First the salary you see in an advertisement is often an average or above average salary of what is possible for a driver. If all the stars align you could make “X” number of dollars. It is against the law to put out false advertising so you could make that income if everything is right. The world of transportation doesn’t work that way however and each driver has their own work pace. Some drivers are slower, some have more experience, some have better travel lanes, some have certain equipment, so there are many variables when it comes to how much income a person can make even in the same fleet.
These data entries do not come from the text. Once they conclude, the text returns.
(* [p v = <N q, p> = <q, N p> = <q, 1> = <q, N q> = q v]. *)
Lemma point_sol_ones (S : {set V}) v q p :
  v \in S -> point_sol S v 1 q -> ones_in S p -> p v = q v.
Proof.
move=> vS Pq Op; rewrite -(sum_pointE p vS) -(sum_pointE q vS).
under eq_bigr => w wS do rewrite -Pq //.
under [RHS]eq_bigr => w wS do rewrite -Pq //.
rewrite nbsum_adjoint nbsum_quadratic.
by apply: eq_bigr => w wS; rewrite Op // mulr1.
Qed.

End Symmetric.
End NeighbourhoodSums.

Section ClosedAdjacency.
Variables (W : finType) (r : rel W).

Definition col_pat (f : W -> 'F_2) : 'cV['F_2]_#|W| := \col_i f (enum_val i).

Lemma pat_at_col f v : pat_at (col_pat f) v = f v.
Proof. by rewrite /pat_at /col_pat mxE enum_rankK. Qed.

Lemma closed_adj_mulE p i :
  (closed_adj r *m p) i ord0 = nbsum r setT (pat_at p) (enum_val i).
Proof.
rewrite mxE /nbsum (eq_bigl _ _ (fun w => in_setT w)).
rewrite [RHS](reindex (@enum_val W (mem W))) /=; last first.
  by exists enum_rank => w _; [rewrite enum_valK | rewrite enum_rankK].
apply: eq_bigr => j _; rewrite /closed_adj mxE /pat_at enum_valK (inj_eq enum_val_inj).
by case: ifP; rewrite ?mul1r ?mul0r.
Qed.

Lemma closed_adj_mul_const p c :
  closed_adj r *m p = const_mx c <-> forall v, nbsum r setT (pat_at p) v = c.
Proof.
split => [/matrixP Np v | Np].
  by have := Np (enum_rank v) ord0; rewrite closed_adj_mulE enum_rankK mxE.
by apply/matrixP => i j; rewrite (ord1 j) closed_adj_mulE Np mxE.
Qed.

Lemma always_solvableP : always_solvable r <-> solvable_in r setT.
Proof.
rewrite /always_solvable /nullity; split => [ker0 f Nf v _ | solv].
  have Nf' : closed_adj r *m col_pat f = 0.
    by apply/(closed_adj_mul_const _ 0) => w; under eq_nbsum do rewrite pat_at_col; exact: Nf.
  have : ((col_pat f)^T <= kermx (closed_adj r)^T)%MS by rewrite sub_kermx -trmx_mul Nf' trmx0.
  move/eqP: ker0; rewrite mxrank_eq0 => /eqP ->; rewrite submx0.
  move=> /eqP/matrixP/(_ ord0 (enum_rank v)).
  by rewrite !mxE enum_rankK.
apply/eqP; rewrite mxrank_eq0; apply/rowV0P => u; rewrite sub_kermx => /eqP uN.
have : closed_adj r *m u^T = const_mx 0 by rewrite -[LHS]trmxK trmx_mul trmxK uN trmx0.
move/closed_adj_mul_const => Nu; apply/matrixP => i j; rewrite (ord1 i) mxE.
by have := solv _ (fun w _ => Nu w) (enum_val j) (in_setT _); rewrite /pat_at enum_valK mxE.
Qed.

Lemma always_solvable_surj : always_solvable r ->
  forall c : W -> 'F_2, exists f, forall v, nbsum r setT f v = c v.
Proof.
rewrite /always_solvable /nullity mxrank_ker => full c.
have : row_full (closed_adj r)^T by rewrite /row_full eqn_leq rank_leq_col -subn_eq0 full.
rewrite row_full_unit unitmx_tr => unitN.
exists (pat_at (invmx (closed_adj r) *m col_pat c)) => v.
rewrite -[v]enum_rankK -closed_adj_mulE mulmxA mulmxV // mul1mx.
by rewrite /col_pat mxE.
Qed.

Lemma half_activatedP v : half_activated r v <-> half_in r setT v.
Proof.
rewrite /half_activated; split => [| [f Nf fv]].
  case/existsP => p /andP[/eqP Np /eqP pv]; exists (pat_at p) => // w _.
  by move: w; apply/(closed_adj_mul_const _ 0).
apply/existsP; exists (col_pat f); rewrite pat_at_col fv eqxx andbT.
apply/eqP/(closed_adj_mul_const _ 0) => w.
by under eq_nbsum do rewrite pat_at_col; exact: Nf.
Qed.

Definition forced (v : W) : bool :=
  [forall p : 'cV['F_2]_#|W|, (closed_adj r *m p == const_mx 1) ==> (pat_at p v == 1)].

Lemma forcedP v : forced v <-> forced_in r setT v.
Proof.
rewrite /forced; split => [/forallP forc f Of | forc].
  have /implyP := forc (col_pat f); rewrite pat_at_col => /(_ _)/eqP; apply; apply/eqP.
  by apply/closed_adj_mul_const => w; under eq_nbsum do rewrite pat_at_col; exact: Of.
apply/forallP => p; apply/implyP => /eqP/closed_adj_mul_const Np.
by apply/eqP/forc => w _.
Qed.

End ClosedAdjacency.

Section InducedSubgraph.
Variables (V : finType) (e : rel V) (S : {set V}).

Definition ext_sub (g : {x : V | x \in S} -> 'F_2) (v : V) : 'F_2 :=
  if insub v is Some x then g x else 0.

Lemma ext_sub_val g x : ext_sub g (val x) = g x.
Proof. by rewrite /ext_sub valK. Qed.

Lemma nbsum_induced f (x : {x : V | x \in S}) :
  nbsum (induced e S) setT (fun y => f (val y)) x = nbsum e S f (val x).
Proof. by rewrite /nbsum [RHS]big_sub; apply: eq_bigl => y; rewrite in_setT. Qed.

Lemma nbsum_induced_ext g v (vS : v \in S) :
  nbsum (induced e S) setT g (Sub v vS) = nbsum e S (ext_sub g) v.
Proof.
have /= <- := nbsum_induced (ext_sub g) (Sub v vS).
by apply: eq_nbsum => y _; rewrite ext_sub_val.
Qed.

Lemma ind_always_solvableP : ind_always_solvable e S <-> solvable_in e S.
Proof.
rewrite /ind_always_solvable always_solvableP; split => [solv f Nf v vS | solv g Ng x _].
  apply: (solv (fun y => f (val y)) _ (Sub v vS) (in_setT _)) => y _.
  by rewrite nbsum_induced Nf ?(valP y).
rewrite -ext_sub_val; apply: solv (valP x) => v vS.
by rewrite -(nbsum_induced_ext g vS) Ng ?in_setT.
Qed.

Lemma solvable_in_surj : solvable_in e S ->
  forall c : V -> 'F_2, exists f, forall v, v \in S -> nbsum e S f v = c v.
Proof.
move/ind_always_solvableP/always_solvable_surj => surj c.
have [g Ng] := surj (fun y => c (val y)).
by exists (ext_sub g) => v vS; rewrite -(nbsum_induced_ext g vS) Ng.
Qed.

Lemma half_in_induced v (vS : v \in S) :
  half_in (induced e S) setT (Sub v vS) <-> half_in e S v.
Proof.
split => [[g Ng gv] | [f Nf fv]].
  exists (ext_sub g); last by rewrite /ext_sub insubT.
  by move=> w wS; rewrite -(nbsum_induced_ext g wS) Ng ?in_setT.
by exists (fun y => f (val y)) => // y _; rewrite nbsum_induced Nf ?(valP y).
Qed.

Lemma forced_in_induced v (vS : v \in S) :
  forced_in (induced e S) setT (Sub v vS) <-> forced_in e S v.
Proof.
split => [forc f Of | forc g Og].
  by apply: (forc (fun y => f (val y))) => y _; rewrite nbsum_induced Of ?(valP y).
rewrite -ext_sub_val; apply: forc => w wS.
by rewrite -(nbsum_induced_ext g wS) Og ?in_setT.
Qed.

Lemma ind_activationE v (vS : v \in S) : ind_activation e S v =
  if half_activated (induced e S) (Sub v vS) then -1
  else if forced (induced e S) (Sub v vS) then 1 else 0.
Proof.
rewrite /ind_activation insubT /activation /always_activated /never_activated.
case: half_activated => //=; rewrite -/(forced _ _).
by case: (forced _ _) => //; case: [forall _, _].
Qed.

Lemma ind_activationN1P v : v \in S -> ind_activation e S v = -1 <-> half_in e S v.
Proof.
move=> vS; rewrite (ind_activationE vS) -(half_in_induced vS) -half_activatedP.
by case: half_activated; split => //; case: ifP.
Qed.

Section SolvableActivation.
Hypotheses (e_sym : symmetric e) (e_irr : irreflexive e) (solvS : solvable_in e S).

Lemma ind_activation_solvable v q : v \in S -> point_sol e S v 1 q ->
  ind_activation e S v = if q v == 1 then 1 else 0.
Proof.
move=> vS Pq; rewrite (ind_activationE vS).
have -> : half_activated (induced e S) (Sub v vS) = false.
  apply/negbTE/negP => /half_activatedP/(half_in_induced vS)[f Nf fv].
  by move: fv; rewrite (solvS Nf vS) => /esym/F2_oner_neq0.
have [p Op] := solvable_in_surj solvS (fun _ => 1).
have pq : p v = q v := point_sol_ones e_sym e_irr vS Pq Op.
case: (boolP (forced _ _)) => [/forcedP/(forced_in_induced vS) forc | /negP unforc].
  by rewrite -pq forc.
case: eqP => // qv; case: unforc; apply/forcedP/(forced_in_induced vS) => p' Op'.
by rewrite (point_sol_ones e_sym e_irr vS Pq Op').
Qed.

Lemma ind_activation1P v q : v \in S -> point_sol e S v 1 q ->
  ind_activation e S v = 1 <-> q v = 1.
Proof. by move=> vS Pq; rewrite (ind_activation_solvable vS Pq); case: eqP. Qed.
Delays are the next variable that can really hurt the income stated by a carrier. If you get delayed for long periods of time that can affect your earnings. Expenses on the road can take a large chunk of income from a driver. Like the driver above he was home every night, slept in his own bed, showered at home, and possibly took his lunch to work each day. If he takes the job over the road he may now have to pay for showers, buy meals on the road, and buy personal items and equipment for his truck. These are all expenses that many times comes out of the drivers own pocket and income.

If you leave one carrier to drive for another carrier that may give you a raise of $10,000 but if you have to put out more money for expenses you really aren’t ahead of the game. You’re just taking that money and giving it to the truck stop or other vendor. Do your homework if looking at new opportunities as they may not always be what they seem. It’s what you want for a career that’s important, not just the money!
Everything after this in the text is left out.